[Exercise data]

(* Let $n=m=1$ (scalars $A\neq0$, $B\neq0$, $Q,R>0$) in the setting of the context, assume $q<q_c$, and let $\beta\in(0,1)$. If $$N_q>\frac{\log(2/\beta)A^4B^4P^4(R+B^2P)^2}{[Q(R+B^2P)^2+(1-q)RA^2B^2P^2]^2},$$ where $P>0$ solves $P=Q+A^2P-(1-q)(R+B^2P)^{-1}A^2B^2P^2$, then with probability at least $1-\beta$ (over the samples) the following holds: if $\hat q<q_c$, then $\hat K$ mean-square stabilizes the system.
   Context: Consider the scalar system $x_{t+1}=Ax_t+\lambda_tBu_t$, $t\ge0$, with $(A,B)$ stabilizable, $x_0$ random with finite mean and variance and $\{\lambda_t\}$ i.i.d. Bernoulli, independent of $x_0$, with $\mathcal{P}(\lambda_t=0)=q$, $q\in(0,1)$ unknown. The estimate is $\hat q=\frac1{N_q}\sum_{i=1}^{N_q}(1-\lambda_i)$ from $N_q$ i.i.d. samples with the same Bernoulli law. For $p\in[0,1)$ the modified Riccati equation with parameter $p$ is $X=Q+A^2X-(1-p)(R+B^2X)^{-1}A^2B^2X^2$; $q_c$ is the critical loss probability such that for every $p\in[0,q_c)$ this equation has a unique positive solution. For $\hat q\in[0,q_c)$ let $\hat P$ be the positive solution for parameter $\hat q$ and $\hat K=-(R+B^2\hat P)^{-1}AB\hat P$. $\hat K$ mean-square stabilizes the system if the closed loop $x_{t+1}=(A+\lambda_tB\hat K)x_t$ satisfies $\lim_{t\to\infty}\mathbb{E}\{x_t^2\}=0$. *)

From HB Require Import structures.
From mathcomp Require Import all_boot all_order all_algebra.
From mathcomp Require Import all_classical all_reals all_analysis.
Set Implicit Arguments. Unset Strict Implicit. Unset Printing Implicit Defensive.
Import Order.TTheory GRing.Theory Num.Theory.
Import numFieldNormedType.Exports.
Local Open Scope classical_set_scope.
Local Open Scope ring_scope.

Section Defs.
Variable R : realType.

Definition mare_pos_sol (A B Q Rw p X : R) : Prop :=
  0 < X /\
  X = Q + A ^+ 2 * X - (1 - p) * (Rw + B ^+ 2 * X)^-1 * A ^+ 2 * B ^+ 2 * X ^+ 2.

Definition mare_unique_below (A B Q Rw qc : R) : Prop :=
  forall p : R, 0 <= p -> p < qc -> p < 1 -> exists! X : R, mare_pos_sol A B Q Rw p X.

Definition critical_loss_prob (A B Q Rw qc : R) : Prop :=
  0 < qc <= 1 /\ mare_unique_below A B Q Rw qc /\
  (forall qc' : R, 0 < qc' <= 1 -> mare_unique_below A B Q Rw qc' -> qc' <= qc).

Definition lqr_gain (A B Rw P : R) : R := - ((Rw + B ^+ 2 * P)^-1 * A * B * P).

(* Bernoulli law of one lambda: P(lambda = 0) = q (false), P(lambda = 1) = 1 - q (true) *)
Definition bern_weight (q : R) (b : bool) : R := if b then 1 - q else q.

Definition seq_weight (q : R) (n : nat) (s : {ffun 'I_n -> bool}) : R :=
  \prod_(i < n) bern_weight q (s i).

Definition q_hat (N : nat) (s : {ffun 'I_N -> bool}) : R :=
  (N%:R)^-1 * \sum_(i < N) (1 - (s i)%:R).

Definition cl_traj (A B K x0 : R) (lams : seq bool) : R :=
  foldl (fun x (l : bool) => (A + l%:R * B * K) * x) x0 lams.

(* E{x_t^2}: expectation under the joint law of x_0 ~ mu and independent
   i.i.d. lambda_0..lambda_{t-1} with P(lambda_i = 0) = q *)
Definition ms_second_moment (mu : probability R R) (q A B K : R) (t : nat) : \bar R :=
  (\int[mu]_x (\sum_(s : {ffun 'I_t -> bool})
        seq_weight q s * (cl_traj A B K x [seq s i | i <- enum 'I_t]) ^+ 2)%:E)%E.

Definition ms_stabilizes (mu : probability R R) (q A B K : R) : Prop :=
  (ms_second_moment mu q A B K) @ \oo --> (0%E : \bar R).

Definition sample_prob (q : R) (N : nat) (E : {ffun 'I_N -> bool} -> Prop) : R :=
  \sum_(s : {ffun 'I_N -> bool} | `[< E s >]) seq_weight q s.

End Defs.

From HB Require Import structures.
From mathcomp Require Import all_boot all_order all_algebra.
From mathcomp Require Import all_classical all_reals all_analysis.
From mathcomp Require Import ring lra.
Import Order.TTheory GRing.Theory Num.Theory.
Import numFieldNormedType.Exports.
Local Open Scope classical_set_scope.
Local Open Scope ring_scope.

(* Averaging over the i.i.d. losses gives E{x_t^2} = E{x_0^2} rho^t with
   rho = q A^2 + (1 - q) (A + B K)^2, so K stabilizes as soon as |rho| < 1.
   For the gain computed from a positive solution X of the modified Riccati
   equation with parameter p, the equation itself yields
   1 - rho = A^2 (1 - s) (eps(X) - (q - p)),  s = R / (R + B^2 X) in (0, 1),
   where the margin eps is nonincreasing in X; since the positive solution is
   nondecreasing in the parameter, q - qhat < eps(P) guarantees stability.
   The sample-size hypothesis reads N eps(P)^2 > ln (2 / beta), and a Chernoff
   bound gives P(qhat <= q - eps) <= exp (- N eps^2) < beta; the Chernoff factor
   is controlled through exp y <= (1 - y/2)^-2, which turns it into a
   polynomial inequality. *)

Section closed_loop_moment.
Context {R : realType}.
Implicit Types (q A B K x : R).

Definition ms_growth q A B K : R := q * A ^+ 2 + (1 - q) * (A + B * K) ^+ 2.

[/Exercise data]
[Exercise data]

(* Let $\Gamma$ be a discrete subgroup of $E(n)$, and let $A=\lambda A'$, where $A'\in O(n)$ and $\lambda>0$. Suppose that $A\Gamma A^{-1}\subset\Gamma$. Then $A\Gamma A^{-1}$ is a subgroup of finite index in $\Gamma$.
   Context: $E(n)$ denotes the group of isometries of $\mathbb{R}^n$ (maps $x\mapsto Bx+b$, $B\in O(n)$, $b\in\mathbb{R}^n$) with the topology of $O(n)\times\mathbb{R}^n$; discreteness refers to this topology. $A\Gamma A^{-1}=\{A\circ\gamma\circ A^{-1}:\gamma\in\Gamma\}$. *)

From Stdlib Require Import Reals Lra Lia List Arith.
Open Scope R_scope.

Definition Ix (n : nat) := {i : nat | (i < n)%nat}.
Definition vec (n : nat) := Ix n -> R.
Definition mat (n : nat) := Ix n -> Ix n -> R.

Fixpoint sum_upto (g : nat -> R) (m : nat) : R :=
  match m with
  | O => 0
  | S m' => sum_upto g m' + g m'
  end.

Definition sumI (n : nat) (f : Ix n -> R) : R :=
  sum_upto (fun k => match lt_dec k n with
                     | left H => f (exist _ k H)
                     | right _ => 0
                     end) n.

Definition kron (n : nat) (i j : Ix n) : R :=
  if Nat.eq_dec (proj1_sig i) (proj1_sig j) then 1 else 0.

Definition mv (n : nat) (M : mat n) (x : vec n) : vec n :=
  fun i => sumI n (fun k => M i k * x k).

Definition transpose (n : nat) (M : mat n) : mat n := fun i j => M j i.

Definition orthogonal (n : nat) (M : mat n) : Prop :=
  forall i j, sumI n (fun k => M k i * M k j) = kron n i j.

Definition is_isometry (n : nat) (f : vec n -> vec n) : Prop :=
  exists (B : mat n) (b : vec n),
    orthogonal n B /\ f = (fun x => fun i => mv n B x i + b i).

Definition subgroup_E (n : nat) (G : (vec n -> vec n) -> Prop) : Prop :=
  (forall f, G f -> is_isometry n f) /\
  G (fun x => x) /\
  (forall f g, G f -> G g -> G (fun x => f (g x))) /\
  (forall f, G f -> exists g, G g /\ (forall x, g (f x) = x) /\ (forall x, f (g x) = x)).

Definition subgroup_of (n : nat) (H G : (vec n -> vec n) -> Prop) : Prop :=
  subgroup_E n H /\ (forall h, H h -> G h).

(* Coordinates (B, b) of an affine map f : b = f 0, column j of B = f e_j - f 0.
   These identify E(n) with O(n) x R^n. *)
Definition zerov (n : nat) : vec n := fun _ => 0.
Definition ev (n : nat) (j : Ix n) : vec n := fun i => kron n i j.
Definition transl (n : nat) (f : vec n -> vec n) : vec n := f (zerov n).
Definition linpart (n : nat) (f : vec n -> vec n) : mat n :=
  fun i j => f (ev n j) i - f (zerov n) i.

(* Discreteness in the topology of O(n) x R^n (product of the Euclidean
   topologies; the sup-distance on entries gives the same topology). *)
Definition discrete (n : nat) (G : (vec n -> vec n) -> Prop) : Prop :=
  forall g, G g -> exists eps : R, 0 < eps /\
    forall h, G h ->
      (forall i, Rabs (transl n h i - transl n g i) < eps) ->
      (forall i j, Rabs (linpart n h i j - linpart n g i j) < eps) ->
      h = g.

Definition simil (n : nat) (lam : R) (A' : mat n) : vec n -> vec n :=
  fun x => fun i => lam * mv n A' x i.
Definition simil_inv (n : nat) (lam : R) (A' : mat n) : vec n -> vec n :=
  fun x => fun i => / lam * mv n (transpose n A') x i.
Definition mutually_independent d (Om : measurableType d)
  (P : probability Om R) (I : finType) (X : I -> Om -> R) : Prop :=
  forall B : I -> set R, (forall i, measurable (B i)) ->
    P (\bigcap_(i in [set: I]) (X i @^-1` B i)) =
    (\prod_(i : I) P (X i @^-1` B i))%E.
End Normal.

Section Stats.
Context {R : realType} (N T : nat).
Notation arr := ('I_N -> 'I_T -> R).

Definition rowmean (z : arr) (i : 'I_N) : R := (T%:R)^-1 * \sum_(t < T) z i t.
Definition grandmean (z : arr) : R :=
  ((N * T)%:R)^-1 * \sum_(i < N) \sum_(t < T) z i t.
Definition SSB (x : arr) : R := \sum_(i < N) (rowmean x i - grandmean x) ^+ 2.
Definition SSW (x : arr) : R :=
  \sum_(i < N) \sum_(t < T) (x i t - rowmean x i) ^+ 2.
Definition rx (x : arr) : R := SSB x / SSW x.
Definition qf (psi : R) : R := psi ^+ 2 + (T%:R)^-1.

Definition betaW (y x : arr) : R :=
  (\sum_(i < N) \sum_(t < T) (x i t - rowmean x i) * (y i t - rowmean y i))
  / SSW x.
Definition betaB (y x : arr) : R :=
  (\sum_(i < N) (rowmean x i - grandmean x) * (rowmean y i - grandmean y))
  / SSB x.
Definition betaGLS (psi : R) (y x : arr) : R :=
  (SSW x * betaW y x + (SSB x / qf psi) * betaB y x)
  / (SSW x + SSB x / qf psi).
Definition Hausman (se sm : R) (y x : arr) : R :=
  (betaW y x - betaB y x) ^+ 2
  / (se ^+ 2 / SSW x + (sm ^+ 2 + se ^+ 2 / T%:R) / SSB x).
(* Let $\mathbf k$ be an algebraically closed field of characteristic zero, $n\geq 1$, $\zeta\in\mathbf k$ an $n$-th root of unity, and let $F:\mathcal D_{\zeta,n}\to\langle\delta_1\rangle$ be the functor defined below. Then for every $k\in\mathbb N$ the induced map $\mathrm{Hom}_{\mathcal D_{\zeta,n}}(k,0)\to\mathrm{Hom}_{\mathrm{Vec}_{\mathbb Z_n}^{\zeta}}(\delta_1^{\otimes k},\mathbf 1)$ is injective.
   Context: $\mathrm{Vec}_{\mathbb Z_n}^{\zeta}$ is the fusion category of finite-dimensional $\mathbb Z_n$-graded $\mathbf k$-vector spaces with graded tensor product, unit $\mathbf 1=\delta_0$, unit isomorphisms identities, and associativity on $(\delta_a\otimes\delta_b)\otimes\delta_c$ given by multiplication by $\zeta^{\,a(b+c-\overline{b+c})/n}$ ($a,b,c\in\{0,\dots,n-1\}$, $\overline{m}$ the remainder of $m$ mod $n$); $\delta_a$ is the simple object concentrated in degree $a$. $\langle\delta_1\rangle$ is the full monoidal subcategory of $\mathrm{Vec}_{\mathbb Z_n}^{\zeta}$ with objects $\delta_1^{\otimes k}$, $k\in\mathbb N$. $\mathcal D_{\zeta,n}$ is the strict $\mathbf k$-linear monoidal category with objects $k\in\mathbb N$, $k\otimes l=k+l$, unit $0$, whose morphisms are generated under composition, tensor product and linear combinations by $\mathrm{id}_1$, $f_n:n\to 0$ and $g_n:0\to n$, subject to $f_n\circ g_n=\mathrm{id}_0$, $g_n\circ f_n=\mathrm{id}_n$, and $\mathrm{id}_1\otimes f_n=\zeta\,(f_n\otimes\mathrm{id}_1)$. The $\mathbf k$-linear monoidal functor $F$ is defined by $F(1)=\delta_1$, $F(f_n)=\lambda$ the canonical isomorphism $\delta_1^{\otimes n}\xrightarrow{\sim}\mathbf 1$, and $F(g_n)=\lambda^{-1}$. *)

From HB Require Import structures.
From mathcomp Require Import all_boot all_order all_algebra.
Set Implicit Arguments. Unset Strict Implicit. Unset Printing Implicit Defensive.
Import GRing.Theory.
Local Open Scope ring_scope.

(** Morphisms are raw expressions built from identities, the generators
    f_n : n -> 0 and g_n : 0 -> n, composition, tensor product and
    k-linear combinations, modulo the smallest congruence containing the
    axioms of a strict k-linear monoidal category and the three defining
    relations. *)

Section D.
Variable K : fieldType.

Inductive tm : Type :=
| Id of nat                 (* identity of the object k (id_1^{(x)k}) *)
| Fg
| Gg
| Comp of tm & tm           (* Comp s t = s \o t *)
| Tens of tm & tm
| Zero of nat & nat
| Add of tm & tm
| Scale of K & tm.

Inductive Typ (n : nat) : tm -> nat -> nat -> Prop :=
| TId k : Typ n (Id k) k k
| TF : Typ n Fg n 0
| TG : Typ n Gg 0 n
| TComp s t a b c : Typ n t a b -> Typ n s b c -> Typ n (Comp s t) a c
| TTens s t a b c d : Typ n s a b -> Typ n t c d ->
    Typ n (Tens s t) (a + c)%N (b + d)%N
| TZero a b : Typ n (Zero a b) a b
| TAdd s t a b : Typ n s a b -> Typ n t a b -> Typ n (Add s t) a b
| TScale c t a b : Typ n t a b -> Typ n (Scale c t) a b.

[/Exercise data]
[Exercise data]

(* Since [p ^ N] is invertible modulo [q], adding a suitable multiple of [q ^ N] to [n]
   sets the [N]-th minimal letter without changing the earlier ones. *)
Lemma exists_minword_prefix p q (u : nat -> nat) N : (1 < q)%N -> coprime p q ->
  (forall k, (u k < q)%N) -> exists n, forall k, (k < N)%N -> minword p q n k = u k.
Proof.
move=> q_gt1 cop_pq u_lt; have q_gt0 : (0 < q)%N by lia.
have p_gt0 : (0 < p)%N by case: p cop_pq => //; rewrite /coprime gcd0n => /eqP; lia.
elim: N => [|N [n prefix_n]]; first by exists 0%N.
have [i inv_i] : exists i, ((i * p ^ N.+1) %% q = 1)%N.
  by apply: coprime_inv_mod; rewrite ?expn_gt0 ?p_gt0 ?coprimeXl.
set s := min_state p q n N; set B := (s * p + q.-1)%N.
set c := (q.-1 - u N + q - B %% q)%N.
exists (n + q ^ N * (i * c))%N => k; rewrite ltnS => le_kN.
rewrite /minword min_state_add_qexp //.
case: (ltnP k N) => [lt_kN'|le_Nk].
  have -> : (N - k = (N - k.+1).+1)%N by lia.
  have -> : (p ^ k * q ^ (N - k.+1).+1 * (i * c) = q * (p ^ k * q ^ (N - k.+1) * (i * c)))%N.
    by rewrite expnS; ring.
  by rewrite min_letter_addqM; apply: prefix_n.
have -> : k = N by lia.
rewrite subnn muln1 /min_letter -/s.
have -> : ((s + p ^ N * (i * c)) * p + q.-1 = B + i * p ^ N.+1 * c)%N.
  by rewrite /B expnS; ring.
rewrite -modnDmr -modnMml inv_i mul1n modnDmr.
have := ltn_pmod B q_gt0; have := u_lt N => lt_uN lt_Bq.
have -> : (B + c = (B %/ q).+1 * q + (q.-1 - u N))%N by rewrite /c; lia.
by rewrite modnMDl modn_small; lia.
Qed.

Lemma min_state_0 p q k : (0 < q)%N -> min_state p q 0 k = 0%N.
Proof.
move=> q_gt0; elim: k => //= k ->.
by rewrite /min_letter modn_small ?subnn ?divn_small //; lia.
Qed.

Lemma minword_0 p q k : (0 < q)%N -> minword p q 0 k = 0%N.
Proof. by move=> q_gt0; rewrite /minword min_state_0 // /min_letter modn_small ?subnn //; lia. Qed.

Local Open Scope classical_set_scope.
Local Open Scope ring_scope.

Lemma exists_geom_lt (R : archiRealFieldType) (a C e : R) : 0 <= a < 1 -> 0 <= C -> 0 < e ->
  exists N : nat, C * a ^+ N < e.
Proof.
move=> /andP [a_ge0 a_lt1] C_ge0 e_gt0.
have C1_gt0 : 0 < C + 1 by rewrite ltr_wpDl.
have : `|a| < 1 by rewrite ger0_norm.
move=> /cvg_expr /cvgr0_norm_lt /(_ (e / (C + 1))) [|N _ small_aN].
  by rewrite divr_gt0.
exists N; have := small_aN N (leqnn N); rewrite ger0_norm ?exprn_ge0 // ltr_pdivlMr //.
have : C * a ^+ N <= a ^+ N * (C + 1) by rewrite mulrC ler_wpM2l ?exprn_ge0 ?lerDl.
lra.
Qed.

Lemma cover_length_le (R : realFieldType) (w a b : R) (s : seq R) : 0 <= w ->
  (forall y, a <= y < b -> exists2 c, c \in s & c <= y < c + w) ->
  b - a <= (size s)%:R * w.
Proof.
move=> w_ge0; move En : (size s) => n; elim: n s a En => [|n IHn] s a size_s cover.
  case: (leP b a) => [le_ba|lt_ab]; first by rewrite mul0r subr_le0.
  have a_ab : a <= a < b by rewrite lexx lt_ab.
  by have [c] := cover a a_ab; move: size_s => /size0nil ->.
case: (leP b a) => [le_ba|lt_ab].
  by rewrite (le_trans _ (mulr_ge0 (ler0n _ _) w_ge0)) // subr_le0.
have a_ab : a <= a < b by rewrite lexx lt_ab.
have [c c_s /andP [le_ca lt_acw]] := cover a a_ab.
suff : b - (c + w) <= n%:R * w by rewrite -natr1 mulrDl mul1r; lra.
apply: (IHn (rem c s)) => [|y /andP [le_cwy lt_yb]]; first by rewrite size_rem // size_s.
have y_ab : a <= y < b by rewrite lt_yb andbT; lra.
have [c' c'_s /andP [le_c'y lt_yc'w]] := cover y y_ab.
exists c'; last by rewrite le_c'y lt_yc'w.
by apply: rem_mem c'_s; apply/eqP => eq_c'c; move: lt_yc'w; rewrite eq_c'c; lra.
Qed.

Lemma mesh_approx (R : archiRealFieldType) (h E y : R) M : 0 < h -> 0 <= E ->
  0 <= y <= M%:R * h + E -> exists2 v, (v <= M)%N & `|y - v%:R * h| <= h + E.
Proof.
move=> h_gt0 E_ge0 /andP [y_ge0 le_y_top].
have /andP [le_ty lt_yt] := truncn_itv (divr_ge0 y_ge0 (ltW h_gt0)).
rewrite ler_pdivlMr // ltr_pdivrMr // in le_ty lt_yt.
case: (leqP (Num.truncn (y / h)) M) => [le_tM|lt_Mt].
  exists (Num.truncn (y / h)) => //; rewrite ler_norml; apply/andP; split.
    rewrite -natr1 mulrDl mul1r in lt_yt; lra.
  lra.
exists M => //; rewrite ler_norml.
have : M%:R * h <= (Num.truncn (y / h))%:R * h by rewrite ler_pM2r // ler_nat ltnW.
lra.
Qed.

[/Exercise data]

[The problem]: From the entries above, copy out every line where the string "Prop" appears.

[Exercise response]:
Definition mare_pos_sol (A B Q Rw p X : R) : Prop :=
Definition mare_unique_below (A B Q Rw qc : R) : Prop :=
Definition critical_loss_prob (A B Q Rw qc : R) : Prop :=
Definition ms_stabilizes (mu : probability R R) (q A B K : R) : Prop :=
Definition sample_prob (q : R) (N : nat) (E : {ffun 'I_N -> bool} -> Prop) : R :=
Definition orthogonal (n : nat) (M : mat n) : Prop :=
Definition is_isometry (n : nat) (f : vec n -> vec n) : Prop :=
Definition subgroup_E (n : nat) (G : (vec n -> vec n) -> Prop) : Prop :=
Definition subgroup_of (n : nat) (H G : (vec n -> vec n) -> Prop) : Prop :=
Definition discrete (n : nat) (G : (vec n -> vec n) -> Prop) : Prop :=
  (P : probability Om R) (I : finType) (X : I -> Om -> R) : Prop :=
Inductive Typ (n : nat) : tm -> nat -> nat -> Prop :=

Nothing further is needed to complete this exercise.